Saved entries:
::::::
(* Let $\sigma$ be the softmax-1 activation, take $m=0$, $r=0$ and unspecialized biases $b=\tilde b\mathbf 1_H$ with $\tilde b\in\mathbb R$. Then for every $h\in[H]$, $$\partial_{b_h}\tilde{\mathcal E}_\sigma(0,0,b,v)=-2\Big(\frac{Lv}{L+e^{\tilde b}}-1\Big)\frac vH\frac{e^{\tilde b}}{(L+e^{\tilde b})^2},\qquad \partial_v\tilde{\mathcal E}_\sigma(0,0,b,v)=2\Big(\frac{Lv}{L+e^{\tilde b}}-1\Big)\frac1{L+e^{\tilde b}}.$$ The fixed points of the corresponding gradient-flow system satisfy $Lv=L+e^{\tilde b}$ and they are attractive. Finally, at initialization $b=0$, $v=1$: $\partial_{b_h}\tilde{\mathcal E}_\sigma(0,0,0,1)>0$ and $\partial_v\tilde{\mathcal E}_\sigma(0,0,0,1)<0$.
   Context: Fix integers $L,H,F\ge1$ and a distribution $P_\theta$ on $\mathbb R^F$; $\mathbf 1_H$ is the all-ones vector. For $m\in\mathbb R^{H\times F}$, $r$ symmetric $H\times H$, $b\in\mathbb R^H$, $v\in\mathbb R$: $\tilde{\mathcal E}_\sigma(m,r,b,v)=\mathbb E\big[\sum_{\ell=1}^L(\delta_{\ell,\epsilon}-\frac1H\sum_{h=1}^H\sigma(\chi,b,v;h)_\ell)^2\big]$, $\chi_{h\ell}=\sum_fm_{hf}\chi^*_{f\ell}+\sum_{h'}r_{hh'}\xi_{h'\ell}$, with $\epsilon\sim\mathrm{Unif}(\{1,\dots,L\})$, $\theta\sim P_\theta$, and conditionally independent $\chi^*_{:\ell}\sim\mathcal N(\delta_{\ell,\epsilon}\theta,I_F)$, $\xi_{:\ell}\sim\mathcal N(0,I_H)$. The softmax-1 activation is $\sigma(\chi,b,v;h)_\ell=v e^{\chi_{h\ell}}/(e^{b_h}+\sum_{\ell'=1}^Le^{\chi_{h\ell'}})$. The gradient flow is $\partial_\tau b=-\nabla_b\tilde{\mathcal E}_\sigma$, $\partial_\tau v=-\nabla_v\tilde{\mathcal E}_\sigma$. *)

From HB Require Import structures.
From mathcomp Require Import all_boot all_order all_algebra.
From mathcomp Require Import all_classical all_reals all_analysis.
Set Implicit Arguments. Unset Strict Implicit. Unset Printing Implicit Defensive.
Import Order.TTheory GRing.Theory Num.Theory.
Import numFieldNormedType.Exports.
Local Open Scope classical_set_scope.
Local Open Scope ring_scope.

Definition chi_in {R : realType} {H F L : nat} (m : 'M[R]_(H, F)) (r : 'M[R]_H)
  (cs : 'M[R]_(F, L)) (xi : 'M[R]_(H, L)) : 'M[R]_(H, L) := m *m cs + r *m xi.

Definition softmax1 {R : realType} {H L : nat} (chi : 'M[R]_(H, L))
  (b : 'I_H -> R) (v : R) (h : 'I_H) (l : 'I_L) : R :=
  v * expR (chi h l) / (expR (b h) + \sum_(l' < L) expR (chi h l')).

Definition loss {R : realType} {H L : nat} (e : 'I_L) (chi : 'M[R]_(H, L))
  (b : 'I_H -> R) (v : R) : R :=
  \sum_(l < L) ((l == e)%:R - H%:R^-1 * \sum_(h < H) softmax1 chi b v h l) ^+ 2.

Definition Etilde {d} {T : measurableType d} {R : realType} {H F L : nat}
  (P : probability T R) (eps : T -> 'I_L) (cs : T -> 'M[R]_(F, L))
  (xi : T -> 'M[R]_(H, L)) (m : 'M[R]_(H, F)) (r : 'M[R]_H)
  (b : 'I_H -> R) (v : R) : R :=
  fine ('E_P[fun w => loss (eps w) (chi_in m r (cs w) (xi w)) b v])%E.

Definition cst_b {R : realType} {H : nat} (bt : R) : 'I_H -> R := fun _ => bt.

Definition bias_bump {R : realType} {H : nat} (b : 'I_H -> R) (h : 'I_H) (t : R)
  : 'I_H -> R := fun h' => b h' + (if h' == h then t else 0).

Definition pb {R : realType} {H : nat} (E : ('I_H -> R) -> R -> R)
  (b : 'I_H -> R) (v : R) (h : 'I_H) : R := derive1 (fun t => E (bias_bump b h t) v) 0.
Definition pv {R : realType} {H : nat} (E : ('I_H -> R) -> R -> R)
  (b : 'I_H -> R) (v : R) : R := derive1 (fun w => E b w) v.

Definition fixed_point {R : realType} {H : nat} (E : ('I_H -> R) -> R -> R)
  (b : 'I_H -> R) (v : R) : Prop :=
  (forall h, pb E b v h = 0) /\ pv E b v = 0.

(* Jacobian, w.r.t. (bt, v), of the gradient-flow vector field restricted to
   uniform biases b = bt 1_H:  (bt, v) |-> (- pb E (bt 1) v h, - pv E (bt 1) v) *)
Definition reduced_jac {R : realType} {H : nat} (E : ('I_H -> R) -> R -> R)
  (h : 'I_H) (bt v : R) : 'M[R]_2 :=
  \matrix_(i < 2, j < 2)
    if (i : nat) == 0%N then
      (if (j : nat) == 0%N then derive1 (fun x => - pb E (cst_b x) v h) bt
       else derive1 (fun w => - pb E (cst_b bt) w h) v)
    else
      (if (j : nat) == 0%N then derive1 (fun x => - pv E (cst_b x) v) bt
       else derive1 (fun w => - pv E (cst_b bt) w) v).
::::::
Which lines in the records contain the word "Scope"? Copy each one.

Solution to the problem -
Local Open Scope classical_set_scope.
Local Open Scope ring_scope.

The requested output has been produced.